What to do = Below are the records. Retype exactly the lines between the lines holding "else skew_rmod_aux f n'" and "is -sigma(x_(m-1)) a_0, so", inclusive.

(Data extracted from a collection)
(* Let $f(t)=\sum_{i=0}^m a_it^i\in D[t;\sigma]$ be monic of degree $m\ge 2$ with $a_0\neq0$. Then for every $j\in\{1,\dots,m-1\}$, the left multiplication $L_{t^j}:S_f\to S_f$, $x\mapsto t^j\circ x$, is surjective if and only if $\sigma$ is surjective. In particular, if $\sigma$ is not surjective then $S_f$ is not a left division algebra.
   Context: $D$ is an associative division ring and $\sigma$ a ring endomorphism of $D$. $D[t;\sigma]$ is the skew polynomial ring with $ta=\sigma(a)t$. For monic $f$ of degree $m$, $S_f$ is the set of polynomials of degree $<m$ with multiplication $g\circ h=$ remainder of $gh$ upon right division by $f$ ($gh=qf+r$ with $\deg r<m$). $S_f$ is a left division algebra if $L_a(x)=a\circ x$ is bijective for every nonzero $a\in S_f$. *)

From HB Require Import structures.
From mathcomp Require Import all_boot all_order all_algebra.
Set Implicit Arguments. Unset Strict Implicit. Unset Printing Implicit Defensive.
Import GRing.Theory.
Local Open Scope ring_scope.

(* Skew polynomial ring D[t; sigma], with t a = sigma(a) t.
   Elements are represented by their coefficient lists, i.e. by {poly D}
   (as an additive group); the multiplication is the skew one below. *)

Section Skew.
Variable D : unitRingType.
Variable sigma : {rmorphism D -> D}.

Definition sigma_iter (i : nat) (x : D) : D := iter i sigma x.

(* (sum_i p_i t^i)(sum_j q_j t^j) = sum_k (sum_{i<=k} p_i sigma^i(q_{k-i})) t^k *)
Definition skew_mul (p q : {poly D}) : {poly D} :=
  \poly_(k < (size p + size q).-1)
     \sum_(i < k.+1) p`_i * sigma_iter i q`_(k - i).

(* Remainder of right division by f (f monic): g = q f + r, size r < size f.
   Computed by repeatedly subtracting lead(g) t^(deg g - deg f) * f. *)
Fixpoint skew_rmod_aux (f : {poly D}) (n : nat) (g : {poly D}) : {poly D} :=
  match n with
  | 0 => g
  | n'.+1 =>
      if (size g < size f)%N then g
      else skew_rmod_aux f n'
             (g - skew_mul (lead_coef g *: 'X^(size g - size f)) f)
  end.

Definition skew_rmod (f g : {poly D}) : {poly D} := skew_rmod_aux f (size g) g.

Definition Sf_mul (f g h : {poly D}) : {poly D} := skew_rmod f (skew_mul g h).

Definition in_Sf (f x : {poly D}) : Prop := (size x < size f)%N.

Definition L_surjective (f a : {poly D}) : Prop :=
  forall y, in_Sf f y -> exists2 x, in_Sf f x & Sf_mul f a x = y.

Definition L_bijective (f a : {poly D}) : Prop :=
  L_surjective f a /\
  (forall x1 x2, in_Sf f x1 -> in_Sf f x2 -> Sf_mul f a x1 = Sf_mul f a x2 -> x1 = x2).

Definition left_division_algebra (f : {poly D}) : Prop :=
  forall a, in_Sf f a -> a != 0 -> L_bijective f a.

End Skew.

Definition surjective_fun (A B : Type) (g : A -> B) : Prop := forall b, exists a, g a = b.

From HB Require Import structures.
From mathcomp Require Import all_boot all_order all_algebra.
From mathcomp Require Import zify.
Set Implicit Arguments. Unset Strict Implicit. Unset Printing Implicit Defensive.
Import GRing.Theory.
Local Open Scope ring_scope.

(* For x of degree < m, t x = sigma(x) t has degree <= m and its reduction
   modulo f is  t o x = sigma(x) t - sigma(x_(m-1)) f.  Its constant coefficient
   is -sigma(x_(m-1)) a_0, so if L_t is onto then, a_0 being invertible, every
   b is sigma(x_(m-1)) for a suitable x.  Conversely, given y, the choice
   c = -y_0 a_0^-1 makes y + c f divisible by t, and a coefficientwise
   sigma-preimage of (y + c f) / t is a solution of t o x = y.  Finally
   L_(t^j) = (L_t)^j, because reduction modulo f commutes with left
   multiplication by t; hence L_(t^j) is onto exactly when L_t is (j >= 1). *)

Lemma map_poly_surjective (R S : nzRingType) (g : {additive R -> S}) :
  surjective_fun g ->
  forall p : {poly S}, exists2 q : {poly R}, (size q <= size p)%N & map_poly g q = p.
Proof.
move=> g_surj p; have g_surjb b : exists a, g a == b by have [a <-] := g_surj b; exists a.
exists (\poly_(i < size p) xchoose (g_surjb p`_i)); first exact: size_poly.
apply/polyP => i; rewrite coef_map coef_poly.
case: ltnP => [_ | le_p_i]; last by rewrite raddf0 nth_default.
exact/eqP/(xchooseP (g_surjb p`_i)).
Qed.

Section SkewPolynomials.
Variables (D : unitRingType) (sigma : {rmorphism D -> D}).

Lemma sigma_iterS i x : sigma_iter sigma i.+1 x = sigma (sigma_iter sigma i x).
Proof. by []. Qed.

Lemma sigma_iter0 i : sigma_iter sigma i 0 = 0.
Proof. by elim: i => // i IH; rewrite sigma_iterS IH rmorph0. Qed.

Lemma sigma_iter1 i : sigma_iter sigma i 1 = 1.
Proof. by elim: i => // i IH; rewrite sigma_iterS IH rmorph1. Qed.

Lemma coef_skew_mul p q k :
  (skew_mul sigma p q)`_k = \sum_(i < k.+1) p`_i * sigma_iter sigma i q`_(k - i).
Proof.
rewrite coef_poly; case: ltnP => // le_pq_k; symmetry; apply: big1 => i _.
have [lt_i_p | le_p_i] := ltnP i (size p); last by rewrite nth_default ?mul0r.
rewrite [q`_ _]nth_default ?sigma_iter0 ?mulr0 //.
by move: le_pq_k lt_i_p; case: i => i /= _; lia.
Qed.

Lemma skew_mul0l q : skew_mul sigma 0 q = 0.
Proof.
by apply/polyP => k; rewrite coef_skew_mul coef0 big1 // => i; rewrite coef0 mul0r.
Qed.

Lemma skew_mulDl p p' q :
  skew_mul sigma (p + p') q = skew_mul sigma p q + skew_mul sigma p' q.
Proof.
apply/polyP => k; rewrite coefD !coef_skew_mul -big_split.
by apply: eq_bigr => i _; rewrite coefD mulrDl.
Qed.

Lemma skew_mulBl p p' q :
  skew_mul sigma (p - p') q = skew_mul sigma p q - skew_mul sigma p' q.
Proof.
apply/polyP => k; rewrite coefB !coef_skew_mul -sumrB.
by apply: eq_bigr => i _; rewrite coefB mulrBl.
Qed.

Lemma skew_mulZl c p q : skew_mul sigma (c *: p) q = c *: skew_mul sigma p q.
Proof.
apply/polyP => k; rewrite coefZ !coef_skew_mul mulr_sumr.
by apply: eq_bigr => i _; rewrite coefZ mulrA.
Qed.

Lemma skew_mulXnl n p : skew_mul sigma 'X^n p = map_poly (sigma_iter sigma n) p * 'X^n.
Proof.
apply/polyP => k; rewrite coef_skew_mul coefMXn.
rewrite (eq_bigr (fun i : 'I_k.+1 =>
    if i == n :> nat then sigma_iter sigma n p`_(k - n) else 0)); last first.
  by move=> i _; rewrite coefXn; case: eqP => [-> | _]; rewrite ?mul1r ?mul0r.
rewrite -big_mkcond /= (big_ord1_eq _ (fun=> sigma_iter sigma n p`_(k - n))) ltnS.
by case: leqP => // _; rewrite coef_map_id0 // sigma_iter0.
Qed.

Lemma skew_mulXl p : skew_mul sigma 'X p = map_poly sigma p * 'X.
Proof. by rewrite -['X]expr1 skew_mulXnl. Qed.

Lemma skew_mul1l p : skew_mul sigma 1 p = p.
Proof. by rewrite -(expr0 'X) skew_mulXnl mulr1 map_poly_id. Qed.

Lemma skew_mulXA p q :
  skew_mul sigma (skew_mul sigma 'X p) q = skew_mul sigma 'X (skew_mul sigma p q).
Proof.
rewrite !skew_mulXl; apply/polyP => -[|k]; rewrite coef_skew_mul coefMX //=.
  by rewrite big_ord1 coefMX mul0r.
rewrite big_ord_recl coefMX mul0r add0r coef_map coef_skew_mul raddf_sum.
by apply: eq_bigr => i _; rewrite coefMX coef_map /= rmorphM.
Qed.

Lemma skew_mulXS n p :
  skew_mul sigma 'X^(n.+1) p = skew_mul sigma 'X (skew_mul sigma 'X^n p).
Proof. by rewrite -skew_mulXA [skew_mul _ 'X _]skew_mulXl map_polyXn exprSr. Qed.

Lemma coef_skew_mul_last p q :
  (skew_mul sigma p q)`_((size p).-1 + (size q).-1) =
  lead_coef p * sigma_iter sigma (size p).-1 (lead_coef q).
Proof.
rewrite coef_skew_mul.
have lt_p_k : ((size p).-1 < ((size p).-1 + (size q).-1).+1)%N by lia.
rewrite (bigD1 (Ordinal lt_p_k)) //= addKn big1 ?addr0 // => -[i lt_i_k] /= ne_ip.
have {}ne_ip : i != (size p).-1 by apply: contraNneq ne_ip => eq_ip; apply/eqP/val_inj.
have [lt_i_p | le_p_i] := ltnP i (size p); last by rewrite nth_default ?mul0r.
rewrite [q`_ _]nth_default ?sigma_iter0 ?mulr0 //.
(* [size p] occurs at convertible but syntactically different types, which [lia]
   would take for distinct atoms; generalizing it first identifies them. *)
by move: ne_ip lt_i_p => /eqP; move: (size p) (size q) => a b; lia.
Qed.

End SkewPolynomials.

Section RightDivision.
Variables (D : unitRingType) (sigma : {rmorphism D -> D}) (f : {poly D}).
Hypothesis f_monic : f \is monic.

Lemma size_monic_gt0 : (0 < size f)%N.
Proof. by rewrite size_poly_gt0 monic_neq0. Qed.

Lemma coef_monic_last : f`_(size f).-1 = 1.
Proof. exact/monicP. Qed.

Lemma size_skew_mul_monic q : q != 0 ->
  size (skew_mul sigma q f) = ((size q).-1 + size f)%N.
Proof.
move=> q_neq0; have f_gt0 := size_monic_gt0.
have q_gt0 : (0 < size q)%N by rewrite size_poly_gt0.
apply/anti_leq/andP; split.
  apply: leq_trans (size_poly _ _) _.
  by move: f_gt0 q_gt0; move: (size f) (size q) => a b; lia.
have: (skew_mul sigma q f)`_((size q).-1 + (size f).-1) != 0.
  by rewrite coef_skew_mul_last (monicP f_monic) sigma_iter1 mulr1 lead_coef_eq0.
apply: contraR; rewrite -ltnNge => lt_qf.
have le_qf : (size (skew_mul sigma q f) <= (size q).-1 + (size f).-1)%N.
  by move: f_gt0 lt_qf; move: (size f) => a; lia.
by rewrite (leq_sizeP _ _ le_qf).
Qed.

Lemma skew_rmod_auxP n (g : {poly D}) : (size g <= n)%N ->
  exists2 Q, g = skew_mul sigma Q f + skew_rmod_aux sigma f n g
           & (size (skew_rmod_aux sigma f n g) < size f)%N.
Proof.
have f_gt0 := size_monic_gt0.
elim: n g => [|n IH] g /= le_g_n.
  move: le_g_n; rewrite leqn0 size_poly_eq0 => /eqP ->.
  by exists 0; rewrite ?skew_mul0l ?add0r ?size_poly0.
have [lt_g_f | le_f_g] := ltnP (size g) (size f).
  by exists 0; rewrite ?skew_mul0l ?add0r.
set d := (size g - size f)%N; set h := lead_coef g *: 'X^d.
have le_gh_n : (size (g - skew_mul sigma h f)%R <= n)%N.
  apply: (@leq_trans (size g).-1); last by move: le_g_n; move: (size g) => a; lia.
  apply/leq_sizeP => k le_g_k.
  rewrite coefB skew_mulZl skew_mulXnl coefZ coefMXn coef_map_id0 ?sigma_iter0 //.
  have le_d_k : (d <= k)%N.
    by rewrite /d; move: f_gt0 le_g_k; move: (size g) (size f) => a b; lia.
  rewrite ltnNge le_d_k /=.
  have [lt_k_g | le_g_k'] := ltnP k (size g).
    have -> : k = (size g).-1 by move: le_g_k lt_k_g; move: (size g) => a; lia.
    have -> : ((size g).-1 - d = (size f).-1)%N.
      by rewrite /d; move: f_gt0 le_f_g; move: (size g) (size f) => a b; lia.
    by rewrite coef_monic_last sigma_iter1 mulr1 subrr.
  rewrite !nth_default ?sigma_iter0 ?mulr0 ?subrr //.
  by rewrite /d; move: le_f_g le_g_k'; move: (size g) (size f) => a b; lia.
have [Q eq_g lt_r_f] := IH _ le_gh_n.
by exists (h + Q); rewrite // skew_mulDl -addrA -eq_g addrC subrK.
Qed.

Lemma skew_rmodP g :
  exists2 Q, g = skew_mul sigma Q f + skew_rmod sigma f g
           & (size (skew_rmod sigma f g) < size f)%N.
Proof. exact: skew_rmod_auxP. Qed.

Lemma skew_rmod_eq g Q r : g = skew_mul sigma Q f + r -> (size r < size f)%N ->
  skew_rmod sigma f g = r.
Proof.
move=> eq_g lt_r_f; have [Q' eq_g' lt_r'_f] := skew_rmodP g.
have eq_QQ' : skew_mul sigma (Q - Q') f = skew_rmod sigma f g - r.
  rewrite skew_mulBl.
  have -> : skew_mul sigma Q f = g - r by rewrite eq_g addrK.
  have -> : skew_mul sigma Q' f = g - skew_rmod sigma f g by rewrite {1}eq_g' addrK.
  by rewrite opprB addrC addrA subrK.
have QQ'0 : Q - Q' = 0.
  apply: contraTeq (size_polyD (skew_rmod sigma f g) (- r)) => ne_QQ'.
  rewrite -eq_QQ' size_skew_mul_monic // size_polyN -ltnNge gtn_max.
  by apply/andP; split; apply: leq_trans (leq_addl _ _).
by move: eq_QQ'; rewrite QQ'0 skew_mul0l => /eqP; rewrite eq_sym subr_eq0 => /eqP.
Qed.

End RightDivision.

Section PetitAlgebra.
Variables (D : unitRingType) (sigma : {rmorphism D -> D}) (f : {poly D}).
Hypothesis f_monic : f \is monic.

Lemma Sf_mul_in a x : in_Sf f (Sf_mul sigma f a x).
Proof. by have [] := skew_rmodP sigma f_monic (skew_mul sigma a x). Qed.

Lemma Sf_mul1l x : in_Sf f x -> Sf_mul sigma f 1 x = x.
Proof.
move=> x_in; apply: (skew_rmod_eq f_monic (Q := 0)) => //.
by rewrite skew_mul0l add0r skew_mul1l.
Qed.

Lemma Sf_mulXS n x :
  Sf_mul sigma f 'X^(n.+1) x = Sf_mul sigma f 'X (Sf_mul sigma f 'X^n x).
Proof.
rewrite /Sf_mul; have [Q] := skew_rmodP sigma f_monic (skew_mul sigma 'X^n x).
move: (skew_rmod _ _ _) => r eq_Xnx _.
have [Q' eq_Xr lt_r'_f] := skew_rmodP sigma f_monic (skew_mul sigma 'X r).
apply: (skew_rmod_eq f_monic (Q := skew_mul sigma 'X Q + Q')) => //.
rewrite skew_mulXS eq_Xnx skew_mulDl -addrA -eq_Xr skew_mulXA.
by rewrite !skew_mulXl raddfD mulrDl.
Qed.

Lemma L_surjective_X_of_XSn n : L_surjective sigma f 'X^(n.+1) -> L_surjective sigma f 'X.
Proof.
move=> surjXn y /surjXn[x _ <-]; rewrite Sf_mulXS.
by exists (Sf_mul sigma f 'X^n x); first exact: Sf_mul_in.
Qed.

Lemma L_surjective_Xn n : L_surjective sigma f 'X -> L_surjective sigma f 'X^n.
Proof.
move=> surjX; elim: n => [|n IH] y y_in; first by exists y; rewrite ?expr0 ?Sf_mul1l.
have [z z_in <-] := surjX y y_in; have [x x_in <-] := IH z z_in.
by exists x; rewrite ?Sf_mulXS.
Qed.

Hypothesis f_size_gt1 : (1 < size f)%N.

Lemma Sf_mulXl x : in_Sf f x ->
  Sf_mul sigma f 'X x = map_poly sigma x * 'X - sigma x`_(size f).-2 *: f.
Proof.
move=> x_in; set c := sigma _.
apply: (skew_rmod_eq f_monic (Q := c%:P)).
  by rewrite skew_mulXl -(mulr1 c%:P) mul_polyC skew_mulZl skew_mul1l addrC subrK.
have le_r_f : (size (map_poly sigma x * 'X - c *: f)%R <= (size f).-1)%N.
  apply/leq_sizeP => k; rewrite leq_eqVlt => /orP[/eqP <- | lt_f_k].
    rewrite coefB coefZ coefMX coef_map coef_monic_last // mulr1.
    by rewrite ifN ?subrr //; move: f_size_gt1; move: (size f) => a; lia.
  case: k lt_f_k => [|k] lt_f_k; first by move: lt_f_k; move: (size f) => a; lia.
  have [le_x_k le_f_k] : (size x <= k)%N /\ (size f <= k.+1)%N.
    by move: x_in lt_f_k; rewrite /in_Sf; move: (size f) (size x) => a b; lia.
  by rewrite coefB coefZ coefMX coef_map /= !nth_default ?raddf0 ?mulr0 ?subrr.
apply: (leq_ltn_trans le_r_f); move: f_size_gt1; move: (size f) => a; lia.
Qed.

Hypothesis f0_unit : f`_0 \is a GRing.unit.

Lemma surjective_of_L_surjective_X : L_surjective sigma f 'X -> surjective_fun sigma.
Proof.
move=> surjX b.
have y_in : in_Sf f (- (b * f`_0))%:P by apply: leq_ltn_trans (size_polyC_leq1 _) _.
have [x x_in eq_y] := surjX _ y_in; have := congr1 (fun p : {poly D} => p`_0) eq_y.
rewrite Sf_mulXl //= coefB coefMX coefZ coefC /= sub0r => /oppr_inj /(mulIr f0_unit) <-.
by exists x`_(size f).-2.
Qed.

Lemma L_surjective_X_of_surjective : surjective_fun sigma -> L_surjective sigma f 'X.
Proof.
move=> sigma_surj y y_in; set c := - (y`_0 / f`_0); set p := y + c *: f.
have p0 : p`_0 = 0 by rewrite coefD coefZ mulNr divrK // addrN.
have le_p_f : (size p <= size f)%N.
  by apply: leq_trans (size_polyD _ _) _; rewrite geq_max (ltnW y_in) size_scale_leq.
have [x le_x_p eq_x] := map_poly_surjective sigma_surj (drop_poly 1 p).
have x_in : in_Sf f x.
  move: le_x_p le_p_f f_size_gt1; rewrite /in_Sf size_drop_poly.
  by move: (size x) (size p) (size f) => a b d; lia.
exists x => //; rewrite Sf_mulXl // -coef_map eq_x coef_drop_poly.
have -> : ((size f).-2 + 1 = (size f).-1)%N by move: f_size_gt1; move: (size f) => a; lia.
have -> : drop_poly 1 p * 'X = p.
  by apply/polyP => -[|k]; rewrite coefMX coef_drop_poly ?p0 // addn1.
rewrite coefD coefZ coef_monic_last // mulr1 nth_default ?add0r ?addrK //.
by move: y_in; rewrite /in_Sf; move: (size y) (size f) => a d; lia.
Qed.

End PetitAlgebra.

Theorem mainTheorem7 (D : unitRingType)
    (hD : forall x : D, x != 0 -> x \is a GRing.unit)
    (sigma : {rmorphism D -> D}) (f : {poly D})
    (hmonic : f \is monic) (hm : (2 < size f)%N) (ha0 : f`_0 != 0) :
  (forall j : nat, (0 < j < (size f).-1)%N ->
     (L_surjective sigma f 'X^j <-> surjective_fun sigma))
  /\ (~ surjective_fun sigma -> ~ left_division_algebra sigma f).
Proof.
have f_size_gt1 : (1 < size f)%N by apply: ltn_trans hm.
have f0_unit := hD _ ha0.
split => [[|j] // _ | sigma_not_surj lda]; first split.
- move/(L_surjective_X_of_XSn hmonic).
  exact: surjective_of_L_surjective_X.
- move/(L_surjective_X_of_surjective hmonic f_size_gt1 f0_unit).
  exact: L_surjective_Xn.
- have X_in : in_Sf f 'X by rewrite /in_Sf size_polyX.
  have [surjX _] := lda 'X X_in (negbT (polyX_eq0 _)).
  exact/sigma_not_surj/(surjective_of_L_surjective_X hmonic f_size_gt1 f0_unit).
Qed.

Output for this exercise =
      else skew_rmod_aux f n'
             (g - skew_mul (lead_coef g *: 'X^(size g - size f)) f)
  end.

Definition skew_rmod (f g : {poly D}) : {poly D} := skew_rmod_aux f (size g) g.

Definition Sf_mul (f g h : {poly D}) : {poly D} := skew_rmod f (skew_mul g h).

Definition in_Sf (f x : {poly D}) : Prop := (size x < size f)%N.

Definition L_surjective (f a : {poly D}) : Prop :=
  forall y, in_Sf f y -> exists2 x, in_Sf f x & Sf_mul f a x = y.

Definition L_bijective (f a : {poly D}) : Prop :=
  L_surjective f a /\
  (forall x1 x2, in_Sf f x1 -> in_Sf f x2 -> Sf_mul f a x1 = Sf_mul f a x2 -> x1 = x2).

Definition left_division_algebra (f : {poly D}) : Prop :=
  forall a, in_Sf f a -> a != 0 -> L_bijective f a.

End Skew.

Definition surjective_fun (A B : Type) (g : A -> B) : Prop := forall b, exists a, g a = b.

From HB Require Import structures.
From mathcomp Require Import all_boot all_order all_algebra.
From mathcomp Require Import zify.
Set Implicit Arguments. Unset Strict Implicit. Unset Printing Implicit Defensive.
Import GRing.Theory.
Local Open Scope ring_scope.

(* For x of degree < m, t x = sigma(x) t has degree <= m and its reduction
   modulo f is  t o x = sigma(x) t - sigma(x_(m-1)) f.  Its constant coefficient
   is -sigma(x_(m-1)) a_0, so if L_t is onto then, a_0 being invertible, every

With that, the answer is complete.